> [What is expected]: In the listing below, find the line with "unfold Rabs; destruct Rcase_abs; lra." and the line with "Lemma sum_range_scal_l c". Repeat those two lines and all lines between them exactly.

# # # # # # #

(* For every integer $a\geq 2$, $$\sum_{n\geq 1}\frac{H_n}{(2n+1)^{2a-1}}=-2\lambda(2a-1)\ln 2+\Big(a-\frac12\Big)\lambda(2a)-\sum_{q=1}^{a-2}\lambda(2q+1)\lambda(2a-2q-1),$$ where an empty sum equals $0$.
   Context: $H_n=1+\frac12+\cdots+\frac1n$ is the $n$-th harmonic number. For real $s>1$, $\lambda(s)=\sum_{n\geq 1}\frac{1}{(2n-1)^s}=(1-2^{-s})\zeta(s)$. *)

From Stdlib Require Import Reals Lra Lia List.
From Coquelicot Require Import Coquelicot.
Open Scope R_scope.

Fixpoint harmonic (n : nat) : R :=
  match n with
  | O => 0
  | S m => harmonic m + / INR (S m)
  end.

Definition dlambda (s : nat) : R :=
  Series (fun k : nat => / (INR (2 * k + 1)) ^ s).

Definition sum_range (m len : nat) (f : nat -> R) : R :=
  fold_right Rplus 0 (map f (seq m len)).

From Stdlib Require Import Reals Lra Lia.
From Coquelicot Require Import Coquelicot.
Open Scope R_scope.

(* Write a = m + 2 and x_i = 2 i + 1.  For i <> j, partial fractions give
     sum_(q=1..m) x_i^-(2q+1) x_j^-(2m+3-2q) = K(i,j) + K(j,i),
     K(i,j) = x_i^-(2m+3) (-1/x_j + 1/(4(j-i)) + 1/(4(i+j+1))),
   while the diagonal i = j contributes m x_i^-(2m+4).  Summed over j <= J (j <> i), the three
   partial fractions telescope into harmonic numbers, -H_i/2 + 3/(4 x_i) + e_J(i), where
   e_J(i) -> -ln 2.  So the truncated convolution sum_q lambda_J(2q+1) lambda_J(2m+3-2q) equals
   m lambda_J(2m+4) - S_J + (3/2) lambda_J(2m+4) + 2 sum_(i<=J) x_i^-(2m+3) e_J(i), with S_J the
   truncated target series; letting J -> oo (by Tannery's theorem for the e_J term) gives the
   identity. *)

Lemma ln_le_sub_1 y : 0 < y -> ln y <= y - 1.
Proof. intros Hy. pose proof (exp_ineq1_le (ln y)) as H. rewrite exp_ln in H; lra. Qed.

Lemma harmonic_S n : harmonic (S n) = harmonic n + / INR (S n).
Proof. reflexivity. Qed.

Lemma harmonic_le_add n c : harmonic n <= harmonic (n + c).
Proof.
  induction c as [|c IH]; [rewrite Nat.add_0_r; lra|].
  rewrite Nat.add_succ_r, harmonic_S.
  assert (0 < / INR (S (n + c))) by (apply Rinv_0_lt_compat, lt_0_INR; lia).
  lra.
Qed.

Lemma harmonic_le_INR n : harmonic n <= INR n.
Proof.
  induction n as [|n IH]; [simpl; lra|].
  assert (/ INR (S n) <= 1).
  { rewrite <- Rinv_1. apply Rinv_le_contravar; [lra|]. apply (le_INR 1); lia. }
  rewrite harmonic_S, S_INR. rewrite S_INR in H. lra.
Qed.

Lemma harmonic_add_sub_le n c : harmonic (n + c) - harmonic n <= harmonic c.
Proof.
  induction c as [|c IH]; [rewrite Nat.add_0_r; simpl; lra|].
  rewrite Nat.add_succ_r, !harmonic_S.
  assert (/ INR (S (n + c)) <= / INR (S c)).
  { apply Rinv_le_contravar; [apply lt_0_INR; lia | apply le_INR; lia]. }
  lra.
Qed.

Lemma harmonic_add_sub_le_div n c :
  harmonic (n + c) - harmonic n <= INR c / (INR n + 1).
Proof.
  induction c as [|c IH]; [rewrite Nat.add_0_r; simpl; unfold Rdiv; lra|].
  rewrite Nat.add_succ_r, harmonic_S.
  assert (/ INR (S (n + c)) <= / (INR n + 1)).
  { apply Rinv_le_contravar; [pose proof (pos_INR n); lra|].
    rewrite <- S_INR. apply le_INR; lia. }
  rewrite (S_INR c). unfold Rdiv in *. rewrite Rmult_plus_distr_r, Rmult_1_l. lra.
Qed.

Lemma harmonic_add_sub_le_ln n c : (1 <= n)%nat ->
  harmonic (n + c) - harmonic n <= ln (INR (n + c)) - ln (INR n).
Proof.
  intros Hn. induction c as [|c IH]; [rewrite Nat.add_0_r; lra|].
  rewrite Nat.add_succ_r, harmonic_S.
  assert (/ INR (S (n + c)) <= ln (INR (S (n + c))) - ln (INR (n + c))).
  { rewrite S_INR. set (k := INR (n + c)).
    assert (Hk : 1 <= k) by (apply (le_INR 1); lia).
    pose proof (ln_le_sub_1 (k / (k + 1)) ltac:(apply Rdiv_lt_0_compat; lra)) as H.
    rewrite ln_div in H by lra.
    replace (k / (k + 1) - 1) with (- / (k + 1)) in H by (field; lra). lra. }
  lra.
Qed.

Lemma ln_le_harmonic_add_sub n c :
  ln (INR (n + c + 1)) - ln (INR (n + 1)) <= harmonic (n + c) - harmonic n.
Proof.
  induction c as [|c IH]; [rewrite Nat.add_0_r; lra|].
  replace (n + S c + 1)%nat with (S (S (n + c))) by lia.
  replace (n + c + 1)%nat with (S (n + c)) in IH by lia.
  replace (n + S c)%nat with (S (n + c)) by lia. rewrite harmonic_S.
  assert (ln (INR (S (S (n + c)))) - ln (INR (S (n + c))) <= / INR (S (n + c))).
  { rewrite !S_INR. set (k := INR (n + c)). assert (0 <= k) by apply pos_INR.
    pose proof (ln_le_sub_1 ((k + 1 + 1) / (k + 1)) ltac:(apply Rdiv_lt_0_compat; lra)) as Hln.
    rewrite ln_div in Hln by lra.
    replace ((k + 1 + 1) / (k + 1) - 1) with (/ (k + 1)) in Hln by (field; lra). lra. }
  lra.
Qed.

Lemma harmonic_double_sub_ln2 n :
  Rabs (harmonic (n + n) - harmonic n - ln 2) <= / (INR n + 1).
Proof.
  destruct n as [|n].
  { simpl. rewrite Rplus_0_l, Rinv_1.
    pose proof (ln_le_sub_1 2 ltac:(lra)). pose proof ln_lt_2. rewrite Rabs_left1; lra. }
  pose proof (harmonic_add_sub_le_ln (S n) (S n) ltac:(lia)) as Hup.
  pose proof (ln_le_harmonic_add_sub (S n) (S n)) as Hlow.
  rewrite !plus_INR in Hup. rewrite !plus_INR in Hlow. change (INR 1) with 1 in Hlow.
  assert (HN : 1 <= INR (S n)) by (apply (le_INR 1); lia).
  set (x := INR (S n)) in *.
  replace (x + x) with (2 * x) in Hup by ring. rewrite ln_mult in Hup by lra.
  assert (ln (x + x + 1) - ln (x + 1) - ln 2 >= - / (x + 1)).
  { replace (x + x + 1) with (2 * (x + 1) / ((2 * x + 2) / (2 * x + 1))) by (field; lra).
    rewrite ln_div, ln_mult by (try apply Rdiv_lt_0_compat; try apply Rmult_lt_0_compat; lra).
    pose proof (ln_le_sub_1 ((2 * x + 2) / (2 * x + 1)) ltac:(apply Rdiv_lt_0_compat; lra)) as Hln.
    replace ((2 * x + 2) / (2 * x + 1) - 1) with (/ (2 * x + 1)) in Hln by (field; lra).
    assert (/ (2 * x + 1) <= / (x + 1)) by (apply Rinv_le_contravar; lra).
    lra. }
  unfold Rabs; destruct Rcase_abs; lra.
Qed.

Lemma sum_range_S c n f : sum_range c (S n) f = f c + sum_range (S c) n f.
Proof. reflexivity. Qed.

Lemma sum_range_Sr c n f : sum_range c (S n) f = sum_range c n f + f (c + n)%nat.
Proof.
  revert c. induction n as [|n IH]; intros c.
  - rewrite Nat.add_0_r. unfold sum_range; simpl; ring.
  - rewrite sum_range_S, IH, sum_range_S, Nat.add_succ_comm. ring.
Qed.

Lemma sum_range_ext_in c n f g : (forall q, (c <= q < c + n)%nat -> f q = g q) ->
  sum_range c n f = sum_range c n g.
Proof.
  revert c. induction n as [|n IH]; intros c H; [reflexivity|].
  rewrite !sum_range_S, (H c), (IH (S c)); [reflexivity | intros; apply H | ]; lia.
Qed.

Lemma sum_range_plus c n f g :
  sum_range c n (fun q => f q + g q) = sum_range c n f + sum_range c n g.
Proof.
  revert c. induction n as [|n IH]; intros c; [unfold sum_range; simpl; ring|].
  rewrite !sum_range_S, IH. ring.
Qed.

Lemma sum_range_scal_l c n k f :
  sum_range c n (fun q => k * f q) = k * sum_range c n f.
Proof.
  revert c. induction n as [|n IH]; intros c; [unfold sum_range; simpl; ring|].
  rewrite !sum_range_S, IH. ring.
Qed.

Lemma sum_range_const c n k : sum_range c n (fun _ => k) = INR n * k.
Proof.
  revert c. induction n as [|n IH]; intros c; [unfold sum_range; simpl; ring|].
  rewrite sum_range_S, IH, S_INR. ring.
Qed.

Lemma sum_n_sum_range (f : nat -> R) J : sum_n f J = sum_range 0 (S J) f.
Proof.
  induction J as [|J IH]; [rewrite sum_O; unfold sum_range; simpl; ring|].
  rewrite sum_Sn, sum_range_Sr, <- IH. reflexivity.
Qed.

Lemma sum_n_Sl (u : nat -> R) J : sum_n u (S J) = u 0%nat + sum_n (fun k => u (S k)) J :> R.
Proof.
  induction J as [|J IH].
  - rewrite sum_Sn, !sum_O. reflexivity.
  - rewrite sum_Sn, IH, sum_Sn. change plus with Rplus. ring.
Qed.

Lemma sum_n_Rplus (u v : nat -> R) n : sum_n (fun k => u k + v k) n = sum_n u n + sum_n v n.
Proof. exact (sum_n_plus u v n). Qed.

Lemma sum_n_Rminus (u v : nat -> R) n :
  sum_n (fun k => u k - v k) n = sum_n u n - sum_n v n :> R.
Proof.
  induction n as [|n IH]; [rewrite !sum_O; reflexivity|].
  rewrite !sum_Sn, IH. change plus with Rplus. ring.
Qed.

Lemma sum_n_Rmult_l (a : R) (u : nat -> R) n : sum_n (fun k => a * u k) n = a * sum_n u n.
Proof. exact (sum_n_mult_l a u n). Qed.

Lemma sum_range_sum_n c n (F : nat -> nat -> R) J :
  sum_range c n (fun q => sum_n (F q) J) = sum_n (fun i => sum_range c n (fun q => F q i)) J.
Proof.
  revert c. induction n as [|n IH]; intros c.
  - unfold sum_range; simpl. rewrite sum_n_const. ring.
  - rewrite sum_range_S, IH, <- sum_n_Rplus. reflexivity.
Qed.

Lemma is_lim_seq_sum_range c n (u : nat -> nat -> R) (l : nat -> R) :
  (forall q, (c <= q < c + n)%nat -> is_lim_seq (u q) (l q)) ->
  is_lim_seq (fun J => sum_range c n (fun q => u q J)) (sum_range c n l).
Proof.
  revert c. induction n as [|n IH]; intros c H; [apply is_lim_seq_const|].
  apply is_lim_seq_plus'; [apply H; lia | apply IH; intros; apply H; lia].
Qed.

Lemma is_lim_seq_sum_n (u : nat -> nat -> R) (l : nat -> R) N :
  (forall i, is_lim_seq (fun J => u J i) (l i)) ->
  is_lim_seq (fun J => sum_n (u J) N) (sum_n l N).
Proof.
  intros H. induction N as [|N IH].
  - rewrite sum_O.
    apply (is_lim_seq_ext (fun J => u J 0%nat)); [intros; now rewrite sum_O | apply H].
  - rewrite sum_Sn. apply (is_lim_seq_ext (fun J => sum_n (u J) N + u J (S N))).
    + intros; now rewrite sum_Sn.
    + apply is_lim_seq_plus'; auto.
Qed.

Lemma is_lim_seq_inv_succ : is_lim_seq (fun n => / (INR n + 1)) 0.
Proof.
  assert (H : is_lim_seq (fun n => INR n + 1) p_infty).
  { eapply is_lim_seq_plus; [apply is_lim_seq_INR | apply is_lim_seq_const | reflexivity]. }
  apply is_lim_seq_inv in H; [exact H | discriminate].
Qed.

Lemma is_lim_seq_le_div_succ (u : nat -> R) C :
  (forall n, Rabs (u n) <= C / (INR n + 1)) -> is_lim_seq u 0.
Proof.
  intros H.
  assert (Hlim : forall K, is_lim_seq (fun n => K / (INR n + 1)) 0).
  { intros K. replace (Finite 0) with (Rbar_mult K 0) by (simpl; f_equal; ring).
    apply is_lim_seq_scal_l, is_lim_seq_inv_succ. }
  apply (is_lim_seq_le_le (fun n => - C / (INR n + 1)) u (fun n => C / (INR n + 1)));
    [| apply Hlim | apply Hlim].
  intros n. specialize (H n). apply Rabs_le_between in H. unfold Rdiv in *. lra.
Qed.

Lemma sum_n_le_Series (g : nat -> R) J :
  (forall i, 0 <= g i) -> ex_series g -> sum_n g J <= Series g.
Proof.
  intros Hg He.
  refine (is_lim_seq_le (fun _ => sum_n g J) (fun n => sum_n g (n + J))
            (sum_n g J) (Series g) _ _ _);
    [| apply is_lim_seq_const | apply (is_lim_seq_incr_n (sum_n g) J), Series_correct, He].
  intros n. induction n as [|n IH]; [apply Rle_refl|].
  rewrite Nat.add_succ_l, sum_Sn. change plus with Rplus. specialize (Hg (S (n + J))). lra.
Qed.

Definition lambda_term (s i : nat) : R := / INR (2 * i + 1) ^ s.

Definition lambda_partial (s J : nat) : R := sum_n (lambda_term s) J.

Lemma INR_odd i : INR (2 * i + 1) = 2 * INR i + 1.
Proof. rewrite plus_INR, mult_INR. simpl. ring. Qed.

Lemma INR_odd_ge1 i : 1 <= INR (2 * i + 1).
Proof. rewrite INR_odd. pose proof (pos_INR i). lra. Qed.

Lemma lambda_term_pos s i : 0 < lambda_term s i.
Proof. apply Rinv_0_lt_compat, pow_lt. pose proof (INR_odd_ge1 i). lra. Qed.

Lemma lambda_term_le s t i : (s <= t)%nat -> lambda_term t i <= lambda_term s i.
Proof.
  intros Hst. apply Rinv_le_contravar.
  - apply pow_lt. pose proof (INR_odd_ge1 i). lra.
  - apply Rle_pow; [apply INR_odd_ge1 | exact Hst].
Qed.

Lemma lambda_term_S s i : lambda_term (S s) i * INR (2 * i + 1) = lambda_term s i.
Proof.
  unfold lambda_term. pose proof (INR_odd_ge1 i).
  assert (INR (2 * i + 1) ^ s <> 0) by (apply pow_nonzero; lra).
  rewrite <- tech_pow_Rmult. field. split; lra.
Qed.

Lemma sum_n_inv_succ_telescope N :
  sum_n (fun n => 2 * (/ (INR n + 1) - / (INR n + 2))) N = 2 * (1 - / (INR (S N) + 1)).
Proof.
  induction N as [|N IH].
  - rewrite sum_O. simpl. match goal with |- ?a = ?b => change (@eq R a b) end. field.
  - rewrite sum_Sn, IH. change plus with Rplus. rewrite !S_INR.
    pose proof (pos_INR N). match goal with |- ?a = ?b => change (@eq R a b) end. field. lra.
Qed.

(* [1/(2n+1)^2 <= 1/((n+1)(n+2)/2)], which telescopes. *)
Lemma ex_series_lambda_term s : (2 <= s)%nat -> ex_series (lambda_term s).
Proof.
  intros Hs.
  apply (ex_series_le (K := R_AbsRing) (V := R_CompleteNormedModule)
           _ (fun n => 2 * (/ (INR n + 1) - / (INR n + 2)))).
  - intros n. change norm with Rabs.
    rewrite Rabs_pos_eq by apply Rlt_le, lambda_term_pos.
    eapply Rle_trans; [apply lambda_term_le, Hs|].
    unfold lambda_term. rewrite INR_odd. pose proof (pos_INR n). set (x := INR n) in *.
    replace (2 * (/ (x + 1) - / (x + 2))) with (/ ((x + 1) * (x + 2) / 2)) by (field; lra).
    apply Rinv_le_contravar; [apply Rdiv_lt_0_compat; nra | simpl; nra].
  - exists 2.
    change (is_lim_seq (sum_n (fun n => 2 * (/ (INR n + 1) - / (INR n + 2)))) 2).
    apply (is_lim_seq_ext (fun N => 2 * (1 - / (INR (S N) + 1)))).
    + intros N. symmetry. apply sum_n_inv_succ_telescope.
    + replace (Finite 2) with (Rbar_mult 2 (1 - 0)) by (simpl; f_equal; ring).
      apply is_lim_seq_scal_l, is_lim_seq_minus'; [apply is_lim_seq_const|].
      apply (is_lim_seq_incr_1 (fun n => / (INR n + 1))), is_lim_seq_inv_succ.
Qed.

Lemma is_lim_lambda_partial s : (2 <= s)%nat -> is_lim_seq (lambda_partial s) (dlambda s).
Proof. intros Hs. exact (Series_correct _ (ex_series_lambda_term s Hs)). Qed.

# # # # # # #

> [Worked solution]:
  unfold Rabs; destruct Rcase_abs; lra.
Qed.

Lemma sum_range_S c n f : sum_range c (S n) f = f c + sum_range (S c) n f.
Proof. reflexivity. Qed.

Lemma sum_range_Sr c n f : sum_range c (S n) f = sum_range c n f + f (c + n)%nat.
Proof.
  revert c. induction n as [|n IH]; intros c.
  - rewrite Nat.add_0_r. unfold sum_range; simpl; ring.
  - rewrite sum_range_S, IH, sum_range_S, Nat.add_succ_comm. ring.
Qed.

Lemma sum_range_ext_in c n f g : (forall q, (c <= q < c + n)%nat -> f q = g q) ->
  sum_range c n f = sum_range c n g.
Proof.
  revert c. induction n as [|n IH]; intros c H; [reflexivity|].
  rewrite !sum_range_S, (H c), (IH (S c)); [reflexivity | intros; apply H | ]; lia.
Qed.

Lemma sum_range_plus c n f g :
  sum_range c n (fun q => f q + g q) = sum_range c n f + sum_range c n g.
Proof.
  revert c. induction n as [|n IH]; intros c; [unfold sum_range; simpl; ring|].
  rewrite !sum_range_S, IH. ring.
Qed.

Lemma sum_range_scal_l c n k f :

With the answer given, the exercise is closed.